(* Let $M$ be a matroid on a finite set $E$ with $r(M)>0$. Then $\cup F(M)=\cup\mathcal{B}(M)$.
   Context: For a matroid $M$: $\mathcal{I}(M)$ its independent sets, $\mathcal{B}(M)$ its bases, $r(M)$ the size of a base, $r(X)$ the rank of $X\subseteq E$. For a set family $S$, $\cup S=\bigcup_{X\in S}X$. $s(M)=\{A\in\mathcal{I}(M): |A|=r(M)-1\}$; $K_M(X)=\{a\in E: r(X\cup\{a\})=r(X)+1\}$; $F(M)=\{K_M(X): X\in s(M)\}$. *)

From mathcomp Require Import all_boot.
Set Implicit Arguments. Unset Strict Implicit. Unset Printing Implicit Defensive.

(* A matroid on a finite ground set E (the finType T), given by its
   independent sets (standard independence axioms I1-I3). *)
Record matroid (T : finType) := Matroid {
  indep : {set T} -> bool;
  indep0 : indep set0;
  indep_sub : forall A B : {set T}, A \subset B -> indep B -> indep A;
  indep_aug : forall A B : {set T}, indep A -> indep B -> #|A| < #|B| ->
      exists2 x, x \in B :\: A & indep (x |: A)
}.

Section MatroidDefs.
Variables (T : finType) (M : matroid T).

Definition mrank (X : {set T}) : nat :=
  \max_(A : {set T} | (A \subset X) && indep M A) #|A|.

Definition rankM : nat := mrank [set: T].

Definition bases : {set {set T}} := [set B | maxset (indep M) B].

Definition sM : {set {set T}} := [set A | indep M A & #|A| == rankM.-1].

Definition KM (X : {set T}) : {set T} :=
  [set a | mrank (a |: X) == (mrank X).+1].

Definition FM : {set {set T}} := [set KM X | X in sM].

End MatroidDefs.

From mathcomp Require Import all_boot.
Set Implicit Arguments. Unset Strict Implicit. Unset Printing Implicit Defensive.

(* An element of some K_M(X) is not a loop, since adding a loop cannot raise
   the rank, and a non-loop {a} extends to a basis. Conversely, for a in a basis B, the set B - a lies in s(M) and
   a raises its rank. *)

Section MatroidRank.
Variables (T : finType) (M : matroid T).

Lemma mrank_indep (A : {set T}) : indep M A -> mrank M A = #|A|.
Proof.
move=> iA; apply/eqP; rewrite eqn_leq; apply/andP; split.
  by apply/bigmax_leqP => S /andP[sSA _]; apply: subset_leq_card.
by apply: (leq_bigmax_cond A); rewrite subxx iA.
Qed.

Lemma mrank_witness (X : {set T}) :
  exists2 A : {set T}, (A \subset X) && indep M A & mrank M X = #|A|.
Proof.
have ne : 0 < #|[pred S : {set T} | (S \subset X) && indep M S]|.
  by apply/card_gt0P; exists set0; rewrite inE sub0set indep0.
by have [A PA eA] := eq_bigmax_cond (fun S : {set T} => #|S|) ne; exists A.
Qed.

Lemma basis_indep (B : {set T}) : B \in bases M -> indep M B.
Proof. by rewrite inE => /maxsetP[]. Qed.

Lemma card_basis (B : {set T}) : B \in bases M -> #|B| = rankM M.
Proof.
rewrite inE => /maxsetP[iB maxB].
have [A /andP[_ iA] eA] := mrank_witness [set: T].
rewrite /rankM eA; apply/eqP; rewrite eqn_leq; apply/andP; split.
  by rewrite -eA; apply: (leq_bigmax_cond B); rewrite subsetT iB.
rewrite leqNgt; apply/negP => ltBA.
have [x xAB ixB] := indep_aug iB iA ltBA.
have xB : x \in B by rewrite -(maxB _ ixB (subsetUr _ _)) setU11.
by move: xAB; rewrite inE xB.
Qed.

Lemma mrank_setU1_loop (a : T) (X : {set T}) :
  ~~ indep M [set a] -> mrank M (a |: X) <= mrank M X.
Proof.
move=> loop_a; apply/bigmax_leqP => S /andP[sSaX iS].
apply: (leq_bigmax_cond S); rewrite iS andbT.
apply/subsetP => y yS; move/subsetP/(_ y yS): sSaX; rewrite in_setU1.
case/orP=> [/eqP eya | //]; case/negP: loop_a.
by apply: indep_sub iS; rewrite sub1set -eya.
Qed.

Lemma indep1_KM (a : T) (X : {set T}) : a \in KM M X -> indep M [set a].
Proof.
rewrite inE => /eqP eK; apply/negPn/negP => loop_a.
by have := mrank_setU1_loop X loop_a; rewrite eK ltnn.
Qed.

Lemma indep1_cover_bases (a : T) :
  indep M [set a] -> a \in cover (bases M).
Proof.
move=> ia; have [B maxB saB] := maxset_exists ia.
by apply/bigcupP; exists B; rewrite ?inE // -sub1set.
Qed.

Lemma basis_setD1_sM (B : {set T}) (a : T) :
  B \in bases M -> a \in B -> B :\ a \in sM M.
Proof.
move=> bB aB; rewrite inE (indep_sub (subD1set B a) (basis_indep bB)) /= -(card_basis bB).
by rewrite (cardsD1 a B) aB.
Qed.

Lemma basis_mem_KM_setD1 (B : {set T}) (a : T) :
  B \in bases M -> a \in B -> a \in KM M (B :\ a).
Proof.
move=> bB aB; have iB := basis_indep bB.
have iBa := indep_sub (subD1set B a) iB.
by rewrite inE setD1K // !mrank_indep // (cardsD1 a B) aB.
Qed.

End MatroidRank.

Theorem proposition3 (T : finType) (M : matroid T) :
  0 < rankM M -> cover (FM M) = cover (bases M).
Proof.
move=> _; apply/setP => a; apply/idP/idP.
  case/bigcupP=> K /imsetP[X _ ->] aK.
  exact/indep1_cover_bases/(indep1_KM aK).
case/bigcupP=> B bB aB; apply/bigcupP; exists (KM M (B :\ a)).
  exact/imsetP/(ex_intro2 _ _ (B :\ a) (basis_setD1_sM bB aB) erefl).
exact: basis_mem_KM_setD1.
Qed.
_ _ _
Extract exactly and only the lines above from the line containing "have [x xAB ixB] := indep_aug iB iA ltBA." through the line containing "case/orP=> [/eqP eya", both end lines included.

▸ YOUR SOLUTION
have [x xAB ixB] := indep_aug iB iA ltBA.
have xB : x \in B by rewrite -(maxB _ ixB (subsetUr _ _)) setU11.
by move: xAB; rewrite inE xB.
Qed.

Lemma mrank_setU1_loop (a : T) (X : {set T}) :
  ~~ indep M [set a] -> mrank M (a |: X) <= mrank M X.
Proof.
move=> loop_a; apply/bigmax_leqP => S /andP[sSaX iS].
apply: (leq_bigmax_cond S); rewrite iS andbT.
apply/subsetP => y yS; move/subsetP/(_ y yS): sSaX; rewrite in_setU1.
case/orP=> [/eqP eya | //]; case/negP: loop_a.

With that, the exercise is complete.